INPUT DATA>

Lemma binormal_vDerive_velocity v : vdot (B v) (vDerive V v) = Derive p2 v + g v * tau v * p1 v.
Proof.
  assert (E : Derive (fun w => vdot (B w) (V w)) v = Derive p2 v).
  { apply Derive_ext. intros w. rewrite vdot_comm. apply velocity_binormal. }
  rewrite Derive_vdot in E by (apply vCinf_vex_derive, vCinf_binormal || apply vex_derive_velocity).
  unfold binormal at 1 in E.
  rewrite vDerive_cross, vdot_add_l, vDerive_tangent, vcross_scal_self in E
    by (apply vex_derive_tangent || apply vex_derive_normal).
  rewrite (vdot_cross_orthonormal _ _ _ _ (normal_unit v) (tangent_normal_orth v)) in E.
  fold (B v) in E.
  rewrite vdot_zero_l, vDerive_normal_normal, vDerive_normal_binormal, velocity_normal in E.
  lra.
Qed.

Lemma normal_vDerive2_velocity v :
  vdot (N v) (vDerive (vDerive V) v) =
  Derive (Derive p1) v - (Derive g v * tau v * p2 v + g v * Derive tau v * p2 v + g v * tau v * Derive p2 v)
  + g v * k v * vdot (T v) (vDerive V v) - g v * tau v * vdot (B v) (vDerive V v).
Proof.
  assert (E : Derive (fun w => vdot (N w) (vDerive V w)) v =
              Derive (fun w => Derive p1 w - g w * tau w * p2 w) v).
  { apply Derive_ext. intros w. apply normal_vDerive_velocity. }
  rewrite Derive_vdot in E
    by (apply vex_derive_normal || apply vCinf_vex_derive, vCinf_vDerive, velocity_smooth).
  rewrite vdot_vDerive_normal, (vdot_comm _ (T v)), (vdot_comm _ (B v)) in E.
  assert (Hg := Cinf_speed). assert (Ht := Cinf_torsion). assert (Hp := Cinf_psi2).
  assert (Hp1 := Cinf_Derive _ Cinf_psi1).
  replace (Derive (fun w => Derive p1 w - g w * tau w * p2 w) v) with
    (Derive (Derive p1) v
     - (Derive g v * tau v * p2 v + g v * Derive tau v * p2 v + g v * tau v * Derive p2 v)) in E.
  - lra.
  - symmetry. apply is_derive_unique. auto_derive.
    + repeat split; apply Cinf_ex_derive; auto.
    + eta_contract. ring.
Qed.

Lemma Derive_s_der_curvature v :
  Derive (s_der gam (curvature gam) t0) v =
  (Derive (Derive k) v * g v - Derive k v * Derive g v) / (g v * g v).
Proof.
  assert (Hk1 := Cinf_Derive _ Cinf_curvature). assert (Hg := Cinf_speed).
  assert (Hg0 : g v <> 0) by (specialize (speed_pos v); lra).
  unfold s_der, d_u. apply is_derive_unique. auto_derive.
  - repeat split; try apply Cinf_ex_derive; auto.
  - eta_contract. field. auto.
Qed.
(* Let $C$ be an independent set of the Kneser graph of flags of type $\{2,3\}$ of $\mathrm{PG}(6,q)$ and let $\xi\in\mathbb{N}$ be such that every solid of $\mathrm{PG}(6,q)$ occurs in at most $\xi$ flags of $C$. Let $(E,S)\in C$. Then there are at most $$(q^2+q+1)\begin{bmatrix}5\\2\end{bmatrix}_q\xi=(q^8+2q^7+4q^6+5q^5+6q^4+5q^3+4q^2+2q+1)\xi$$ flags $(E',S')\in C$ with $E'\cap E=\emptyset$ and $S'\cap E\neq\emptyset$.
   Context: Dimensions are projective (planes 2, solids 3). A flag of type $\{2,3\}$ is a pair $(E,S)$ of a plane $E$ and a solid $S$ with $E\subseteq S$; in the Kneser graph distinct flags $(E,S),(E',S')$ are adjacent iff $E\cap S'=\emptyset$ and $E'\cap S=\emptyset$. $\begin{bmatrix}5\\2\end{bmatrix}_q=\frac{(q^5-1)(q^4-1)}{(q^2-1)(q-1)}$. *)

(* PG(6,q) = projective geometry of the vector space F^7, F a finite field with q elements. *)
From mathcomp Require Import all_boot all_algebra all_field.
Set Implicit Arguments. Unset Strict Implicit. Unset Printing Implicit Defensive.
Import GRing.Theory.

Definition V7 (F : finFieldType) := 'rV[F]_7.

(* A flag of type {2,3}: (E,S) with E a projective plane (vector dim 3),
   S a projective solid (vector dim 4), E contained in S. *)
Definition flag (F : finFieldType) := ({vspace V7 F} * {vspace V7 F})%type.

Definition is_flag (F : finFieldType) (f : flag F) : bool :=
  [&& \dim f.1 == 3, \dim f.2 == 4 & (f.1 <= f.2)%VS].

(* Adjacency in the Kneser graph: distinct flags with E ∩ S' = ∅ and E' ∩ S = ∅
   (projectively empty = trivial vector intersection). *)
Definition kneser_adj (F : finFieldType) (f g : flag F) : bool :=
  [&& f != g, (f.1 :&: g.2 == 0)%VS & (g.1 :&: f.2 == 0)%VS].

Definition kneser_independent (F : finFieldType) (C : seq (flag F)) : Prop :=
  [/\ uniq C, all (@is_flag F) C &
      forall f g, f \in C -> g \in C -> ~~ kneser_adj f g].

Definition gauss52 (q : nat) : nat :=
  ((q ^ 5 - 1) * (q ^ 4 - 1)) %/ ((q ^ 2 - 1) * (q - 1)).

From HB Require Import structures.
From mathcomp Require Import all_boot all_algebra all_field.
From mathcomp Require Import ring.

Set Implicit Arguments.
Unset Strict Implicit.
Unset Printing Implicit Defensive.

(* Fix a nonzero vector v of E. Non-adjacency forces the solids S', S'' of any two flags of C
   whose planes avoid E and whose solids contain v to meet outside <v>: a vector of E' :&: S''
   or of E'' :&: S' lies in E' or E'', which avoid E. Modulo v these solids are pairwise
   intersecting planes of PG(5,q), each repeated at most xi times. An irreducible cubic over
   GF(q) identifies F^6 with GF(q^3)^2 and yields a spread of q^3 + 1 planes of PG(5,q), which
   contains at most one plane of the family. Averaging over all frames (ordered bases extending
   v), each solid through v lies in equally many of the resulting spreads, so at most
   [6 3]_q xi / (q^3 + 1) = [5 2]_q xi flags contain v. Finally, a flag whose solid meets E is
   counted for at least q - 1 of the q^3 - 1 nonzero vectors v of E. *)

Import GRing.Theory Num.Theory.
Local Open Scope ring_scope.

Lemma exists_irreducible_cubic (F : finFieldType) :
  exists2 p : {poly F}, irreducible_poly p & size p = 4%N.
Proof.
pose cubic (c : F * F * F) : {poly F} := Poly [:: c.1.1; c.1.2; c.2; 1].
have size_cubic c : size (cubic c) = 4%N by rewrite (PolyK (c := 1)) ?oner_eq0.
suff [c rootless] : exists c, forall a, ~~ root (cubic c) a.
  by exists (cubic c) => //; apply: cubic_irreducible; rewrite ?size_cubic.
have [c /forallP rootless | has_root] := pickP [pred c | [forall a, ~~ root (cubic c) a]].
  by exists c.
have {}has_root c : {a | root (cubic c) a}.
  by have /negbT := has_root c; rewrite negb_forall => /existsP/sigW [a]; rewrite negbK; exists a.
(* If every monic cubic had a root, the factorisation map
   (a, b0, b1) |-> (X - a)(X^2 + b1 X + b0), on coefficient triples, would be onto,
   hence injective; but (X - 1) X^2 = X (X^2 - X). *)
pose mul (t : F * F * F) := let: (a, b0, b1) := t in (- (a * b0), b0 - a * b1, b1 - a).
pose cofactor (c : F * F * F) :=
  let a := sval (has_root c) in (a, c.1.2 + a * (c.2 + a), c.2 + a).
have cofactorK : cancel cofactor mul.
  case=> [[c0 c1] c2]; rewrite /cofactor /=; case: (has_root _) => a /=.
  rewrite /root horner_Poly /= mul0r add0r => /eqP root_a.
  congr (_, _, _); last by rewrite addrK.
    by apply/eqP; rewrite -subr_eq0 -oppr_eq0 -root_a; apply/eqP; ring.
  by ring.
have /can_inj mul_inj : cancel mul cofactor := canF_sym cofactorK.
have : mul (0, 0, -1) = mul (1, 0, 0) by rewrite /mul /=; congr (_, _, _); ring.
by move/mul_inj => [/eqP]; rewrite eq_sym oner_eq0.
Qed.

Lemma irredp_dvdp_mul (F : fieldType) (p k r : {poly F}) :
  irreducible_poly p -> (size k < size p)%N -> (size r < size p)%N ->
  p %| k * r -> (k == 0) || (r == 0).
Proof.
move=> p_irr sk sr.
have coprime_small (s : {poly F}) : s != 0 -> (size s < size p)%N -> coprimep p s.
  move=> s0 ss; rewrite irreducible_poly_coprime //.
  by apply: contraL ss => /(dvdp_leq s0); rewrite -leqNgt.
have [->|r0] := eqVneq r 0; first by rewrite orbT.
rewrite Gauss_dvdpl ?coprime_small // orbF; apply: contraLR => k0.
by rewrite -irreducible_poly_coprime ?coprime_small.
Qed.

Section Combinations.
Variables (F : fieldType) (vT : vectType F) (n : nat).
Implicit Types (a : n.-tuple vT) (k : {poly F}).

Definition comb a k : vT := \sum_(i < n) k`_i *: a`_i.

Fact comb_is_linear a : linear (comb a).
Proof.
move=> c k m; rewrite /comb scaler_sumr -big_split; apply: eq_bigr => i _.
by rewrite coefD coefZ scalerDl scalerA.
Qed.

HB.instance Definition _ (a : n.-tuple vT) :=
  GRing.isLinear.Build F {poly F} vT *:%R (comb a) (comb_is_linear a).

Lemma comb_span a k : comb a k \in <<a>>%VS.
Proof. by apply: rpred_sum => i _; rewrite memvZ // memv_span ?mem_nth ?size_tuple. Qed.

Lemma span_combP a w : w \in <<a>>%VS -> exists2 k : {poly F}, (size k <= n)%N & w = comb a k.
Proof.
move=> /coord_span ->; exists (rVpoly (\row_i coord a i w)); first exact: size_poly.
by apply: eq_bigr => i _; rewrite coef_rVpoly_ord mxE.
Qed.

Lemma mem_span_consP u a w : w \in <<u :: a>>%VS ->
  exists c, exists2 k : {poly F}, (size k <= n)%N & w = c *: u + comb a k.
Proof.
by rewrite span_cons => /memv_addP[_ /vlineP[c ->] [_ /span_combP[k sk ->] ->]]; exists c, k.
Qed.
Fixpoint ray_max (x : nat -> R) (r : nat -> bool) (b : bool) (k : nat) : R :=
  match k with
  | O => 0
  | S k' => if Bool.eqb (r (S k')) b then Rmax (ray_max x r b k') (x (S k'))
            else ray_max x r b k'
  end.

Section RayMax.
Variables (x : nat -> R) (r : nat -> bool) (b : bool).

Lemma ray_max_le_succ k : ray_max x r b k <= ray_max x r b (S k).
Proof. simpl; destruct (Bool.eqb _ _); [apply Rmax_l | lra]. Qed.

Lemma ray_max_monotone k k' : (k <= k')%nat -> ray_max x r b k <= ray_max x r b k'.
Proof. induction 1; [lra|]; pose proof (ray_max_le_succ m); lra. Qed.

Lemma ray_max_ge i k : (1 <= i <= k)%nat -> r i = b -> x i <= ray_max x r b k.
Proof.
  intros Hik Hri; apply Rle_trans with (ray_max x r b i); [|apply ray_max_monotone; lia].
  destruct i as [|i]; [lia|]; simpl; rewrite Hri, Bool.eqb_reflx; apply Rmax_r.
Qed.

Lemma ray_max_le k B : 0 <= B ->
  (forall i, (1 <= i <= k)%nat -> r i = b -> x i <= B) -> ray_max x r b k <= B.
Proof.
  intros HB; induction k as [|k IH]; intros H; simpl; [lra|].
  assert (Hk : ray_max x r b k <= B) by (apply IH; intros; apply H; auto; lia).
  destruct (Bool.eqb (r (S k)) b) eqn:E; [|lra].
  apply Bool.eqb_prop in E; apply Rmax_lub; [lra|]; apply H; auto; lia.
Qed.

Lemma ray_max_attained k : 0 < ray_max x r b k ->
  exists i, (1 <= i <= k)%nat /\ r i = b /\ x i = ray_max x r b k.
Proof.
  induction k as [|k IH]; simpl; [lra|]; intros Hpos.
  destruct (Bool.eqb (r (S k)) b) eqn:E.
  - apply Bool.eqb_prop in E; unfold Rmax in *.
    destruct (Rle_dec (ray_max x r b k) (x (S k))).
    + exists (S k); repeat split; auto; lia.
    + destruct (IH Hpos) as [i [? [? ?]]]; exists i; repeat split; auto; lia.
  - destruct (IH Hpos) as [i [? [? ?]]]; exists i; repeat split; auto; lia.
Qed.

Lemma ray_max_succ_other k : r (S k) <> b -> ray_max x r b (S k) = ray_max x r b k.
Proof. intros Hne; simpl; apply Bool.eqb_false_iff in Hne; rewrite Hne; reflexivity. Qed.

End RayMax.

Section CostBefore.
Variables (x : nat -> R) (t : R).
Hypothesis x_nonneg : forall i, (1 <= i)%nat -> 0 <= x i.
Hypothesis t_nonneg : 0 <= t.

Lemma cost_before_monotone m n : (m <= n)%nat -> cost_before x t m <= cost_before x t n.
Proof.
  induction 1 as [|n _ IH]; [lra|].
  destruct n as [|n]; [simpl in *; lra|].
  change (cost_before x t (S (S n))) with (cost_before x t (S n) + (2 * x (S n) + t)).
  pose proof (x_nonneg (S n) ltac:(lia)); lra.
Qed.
* * *
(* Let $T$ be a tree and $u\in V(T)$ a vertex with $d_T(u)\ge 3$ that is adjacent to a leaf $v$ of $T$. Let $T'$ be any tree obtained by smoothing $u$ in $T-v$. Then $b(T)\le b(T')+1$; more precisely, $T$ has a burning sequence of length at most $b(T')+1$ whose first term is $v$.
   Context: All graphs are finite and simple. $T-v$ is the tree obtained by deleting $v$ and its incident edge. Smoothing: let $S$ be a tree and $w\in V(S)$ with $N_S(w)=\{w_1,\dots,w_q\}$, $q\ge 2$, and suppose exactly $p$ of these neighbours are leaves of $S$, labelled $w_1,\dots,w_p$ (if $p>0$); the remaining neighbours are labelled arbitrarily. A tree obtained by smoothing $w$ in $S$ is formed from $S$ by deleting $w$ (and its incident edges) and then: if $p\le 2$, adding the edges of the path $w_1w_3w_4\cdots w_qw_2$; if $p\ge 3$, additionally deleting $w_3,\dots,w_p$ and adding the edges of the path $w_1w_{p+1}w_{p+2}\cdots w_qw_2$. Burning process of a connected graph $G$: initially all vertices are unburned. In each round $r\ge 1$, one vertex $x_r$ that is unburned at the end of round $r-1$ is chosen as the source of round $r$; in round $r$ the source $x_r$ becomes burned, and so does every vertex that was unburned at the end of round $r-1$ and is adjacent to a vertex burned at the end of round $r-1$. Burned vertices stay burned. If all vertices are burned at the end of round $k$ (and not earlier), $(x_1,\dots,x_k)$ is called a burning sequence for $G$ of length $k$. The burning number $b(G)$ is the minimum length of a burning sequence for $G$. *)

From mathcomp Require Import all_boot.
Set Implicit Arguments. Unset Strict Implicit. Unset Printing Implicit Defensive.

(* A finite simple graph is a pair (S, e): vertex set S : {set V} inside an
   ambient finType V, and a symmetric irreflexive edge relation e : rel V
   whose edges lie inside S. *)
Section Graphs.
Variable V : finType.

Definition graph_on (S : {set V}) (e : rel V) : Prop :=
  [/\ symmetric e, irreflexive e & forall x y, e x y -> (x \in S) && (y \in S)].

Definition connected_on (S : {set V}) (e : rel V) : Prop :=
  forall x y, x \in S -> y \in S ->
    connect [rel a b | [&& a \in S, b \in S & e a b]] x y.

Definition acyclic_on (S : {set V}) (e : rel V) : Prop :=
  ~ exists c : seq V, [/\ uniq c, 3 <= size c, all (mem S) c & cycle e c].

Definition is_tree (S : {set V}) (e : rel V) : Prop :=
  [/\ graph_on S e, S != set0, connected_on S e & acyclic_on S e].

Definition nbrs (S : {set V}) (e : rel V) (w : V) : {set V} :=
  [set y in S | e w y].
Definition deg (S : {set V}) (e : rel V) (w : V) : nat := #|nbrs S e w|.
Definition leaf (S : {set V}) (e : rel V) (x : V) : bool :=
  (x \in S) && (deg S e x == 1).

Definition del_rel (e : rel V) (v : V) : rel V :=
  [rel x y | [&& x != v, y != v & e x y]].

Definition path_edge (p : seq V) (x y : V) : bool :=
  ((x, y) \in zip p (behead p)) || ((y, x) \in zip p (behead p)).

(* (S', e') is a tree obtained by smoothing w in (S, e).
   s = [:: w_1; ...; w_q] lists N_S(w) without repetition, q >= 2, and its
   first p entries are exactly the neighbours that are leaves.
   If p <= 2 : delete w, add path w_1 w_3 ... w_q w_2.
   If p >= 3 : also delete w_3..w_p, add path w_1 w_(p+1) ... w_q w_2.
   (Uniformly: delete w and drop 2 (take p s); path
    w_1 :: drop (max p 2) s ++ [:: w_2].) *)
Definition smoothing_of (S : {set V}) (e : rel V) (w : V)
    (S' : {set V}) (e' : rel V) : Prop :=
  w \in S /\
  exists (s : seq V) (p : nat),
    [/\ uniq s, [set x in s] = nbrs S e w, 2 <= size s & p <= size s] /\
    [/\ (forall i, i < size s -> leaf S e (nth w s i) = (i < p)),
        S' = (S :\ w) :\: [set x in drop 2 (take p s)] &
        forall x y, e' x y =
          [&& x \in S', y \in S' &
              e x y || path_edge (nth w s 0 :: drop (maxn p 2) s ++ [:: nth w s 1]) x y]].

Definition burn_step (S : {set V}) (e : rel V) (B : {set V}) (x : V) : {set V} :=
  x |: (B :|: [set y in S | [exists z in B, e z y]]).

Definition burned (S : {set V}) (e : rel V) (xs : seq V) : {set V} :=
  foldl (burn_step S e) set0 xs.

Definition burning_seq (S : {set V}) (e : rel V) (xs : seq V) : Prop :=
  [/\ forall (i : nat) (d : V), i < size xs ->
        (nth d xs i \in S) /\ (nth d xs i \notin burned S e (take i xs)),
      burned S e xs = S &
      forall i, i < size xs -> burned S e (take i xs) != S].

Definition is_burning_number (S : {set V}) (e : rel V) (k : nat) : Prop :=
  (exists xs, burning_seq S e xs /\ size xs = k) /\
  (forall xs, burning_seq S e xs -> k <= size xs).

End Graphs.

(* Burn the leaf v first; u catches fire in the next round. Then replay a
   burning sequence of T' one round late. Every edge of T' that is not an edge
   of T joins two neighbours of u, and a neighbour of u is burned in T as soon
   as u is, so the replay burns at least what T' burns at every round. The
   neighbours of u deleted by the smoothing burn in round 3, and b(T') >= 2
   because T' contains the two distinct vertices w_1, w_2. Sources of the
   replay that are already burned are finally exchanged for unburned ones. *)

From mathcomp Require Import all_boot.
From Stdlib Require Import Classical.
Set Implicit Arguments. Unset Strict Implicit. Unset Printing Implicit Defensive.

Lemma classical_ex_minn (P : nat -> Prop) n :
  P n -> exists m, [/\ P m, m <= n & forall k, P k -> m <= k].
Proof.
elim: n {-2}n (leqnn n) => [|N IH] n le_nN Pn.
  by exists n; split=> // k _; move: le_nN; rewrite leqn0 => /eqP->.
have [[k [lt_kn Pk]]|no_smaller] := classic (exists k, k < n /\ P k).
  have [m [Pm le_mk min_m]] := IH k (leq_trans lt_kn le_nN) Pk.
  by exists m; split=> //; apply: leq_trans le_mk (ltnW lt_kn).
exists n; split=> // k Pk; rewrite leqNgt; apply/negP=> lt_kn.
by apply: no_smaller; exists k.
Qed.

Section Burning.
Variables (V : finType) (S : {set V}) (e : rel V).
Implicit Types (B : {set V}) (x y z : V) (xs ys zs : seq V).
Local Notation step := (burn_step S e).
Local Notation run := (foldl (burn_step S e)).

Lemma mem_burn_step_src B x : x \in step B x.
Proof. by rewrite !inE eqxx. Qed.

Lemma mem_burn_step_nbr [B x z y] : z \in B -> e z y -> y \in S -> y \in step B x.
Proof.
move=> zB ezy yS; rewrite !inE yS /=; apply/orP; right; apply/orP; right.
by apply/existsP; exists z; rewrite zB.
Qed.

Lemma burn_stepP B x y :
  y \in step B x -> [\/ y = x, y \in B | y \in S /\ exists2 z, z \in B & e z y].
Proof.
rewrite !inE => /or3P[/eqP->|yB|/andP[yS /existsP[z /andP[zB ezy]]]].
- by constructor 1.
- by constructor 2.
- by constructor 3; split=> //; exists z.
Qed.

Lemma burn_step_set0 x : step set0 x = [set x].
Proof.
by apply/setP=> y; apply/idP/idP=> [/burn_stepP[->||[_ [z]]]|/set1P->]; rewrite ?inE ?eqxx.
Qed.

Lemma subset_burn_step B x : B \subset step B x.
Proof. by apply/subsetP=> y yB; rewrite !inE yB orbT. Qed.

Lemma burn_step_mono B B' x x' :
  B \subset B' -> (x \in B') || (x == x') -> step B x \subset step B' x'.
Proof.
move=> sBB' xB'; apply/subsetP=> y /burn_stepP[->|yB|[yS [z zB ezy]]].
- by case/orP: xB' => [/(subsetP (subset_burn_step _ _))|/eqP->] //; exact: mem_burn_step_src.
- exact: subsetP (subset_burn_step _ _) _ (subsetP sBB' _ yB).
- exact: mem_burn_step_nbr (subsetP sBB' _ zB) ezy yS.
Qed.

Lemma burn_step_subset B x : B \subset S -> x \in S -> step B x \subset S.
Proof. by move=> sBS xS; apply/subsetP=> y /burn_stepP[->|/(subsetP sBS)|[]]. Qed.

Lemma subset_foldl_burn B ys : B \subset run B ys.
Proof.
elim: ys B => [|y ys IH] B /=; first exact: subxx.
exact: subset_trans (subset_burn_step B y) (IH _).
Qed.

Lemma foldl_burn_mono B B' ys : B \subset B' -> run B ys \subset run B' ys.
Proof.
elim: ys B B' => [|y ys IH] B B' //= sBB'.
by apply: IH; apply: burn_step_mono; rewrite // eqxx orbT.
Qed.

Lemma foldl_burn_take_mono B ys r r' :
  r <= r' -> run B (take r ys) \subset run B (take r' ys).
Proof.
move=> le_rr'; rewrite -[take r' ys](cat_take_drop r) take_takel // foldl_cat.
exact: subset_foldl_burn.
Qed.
* * *
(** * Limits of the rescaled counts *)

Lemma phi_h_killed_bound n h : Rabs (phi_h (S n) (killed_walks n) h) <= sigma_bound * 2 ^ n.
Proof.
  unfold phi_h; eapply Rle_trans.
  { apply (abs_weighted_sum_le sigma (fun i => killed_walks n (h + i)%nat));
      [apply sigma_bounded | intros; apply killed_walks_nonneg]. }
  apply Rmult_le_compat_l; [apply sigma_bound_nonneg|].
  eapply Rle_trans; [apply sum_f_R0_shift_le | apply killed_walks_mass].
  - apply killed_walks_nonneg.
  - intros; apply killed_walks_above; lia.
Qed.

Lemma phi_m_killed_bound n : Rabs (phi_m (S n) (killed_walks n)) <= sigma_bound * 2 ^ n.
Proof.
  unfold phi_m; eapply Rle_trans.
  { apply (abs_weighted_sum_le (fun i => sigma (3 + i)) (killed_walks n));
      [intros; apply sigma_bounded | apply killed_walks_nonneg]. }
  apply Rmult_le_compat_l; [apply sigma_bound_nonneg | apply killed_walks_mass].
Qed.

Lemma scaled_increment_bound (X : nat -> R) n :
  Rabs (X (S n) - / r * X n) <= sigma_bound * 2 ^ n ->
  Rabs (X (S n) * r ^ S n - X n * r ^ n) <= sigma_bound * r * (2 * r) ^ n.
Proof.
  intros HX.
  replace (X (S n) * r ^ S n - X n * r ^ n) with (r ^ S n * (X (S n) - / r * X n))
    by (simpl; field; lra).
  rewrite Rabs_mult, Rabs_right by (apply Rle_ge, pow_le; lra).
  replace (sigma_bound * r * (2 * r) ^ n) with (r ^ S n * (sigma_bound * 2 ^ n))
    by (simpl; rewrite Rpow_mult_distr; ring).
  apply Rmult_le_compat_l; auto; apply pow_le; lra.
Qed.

WHAT YOU HAVE TO DO>
Only the lines above from the line containing "(* A finite" through the line containing "Definition acyclic_on (S" should be retyped, exactly and with both ends included.

RESULT OF THIS TASK>
(* A finite simple graph is a pair (S, e): vertex set S : {set V} inside an
   ambient finType V, and a symmetric irreflexive edge relation e : rel V
   whose edges lie inside S. *)
Section Graphs.
Variable V : finType.

Definition graph_on (S : {set V}) (e : rel V) : Prop :=
  [/\ symmetric e, irreflexive e & forall x y, e x y -> (x \in S) && (y \in S)].

Definition connected_on (S : {set V}) (e : rel V) : Prop :=
  forall x y, x \in S -> y \in S ->
    connect [rel a b | [&& a \in S, b \in S & e a b]] x y.

Definition acyclic_on (S : {set V}) (e : rel V) : Prop :=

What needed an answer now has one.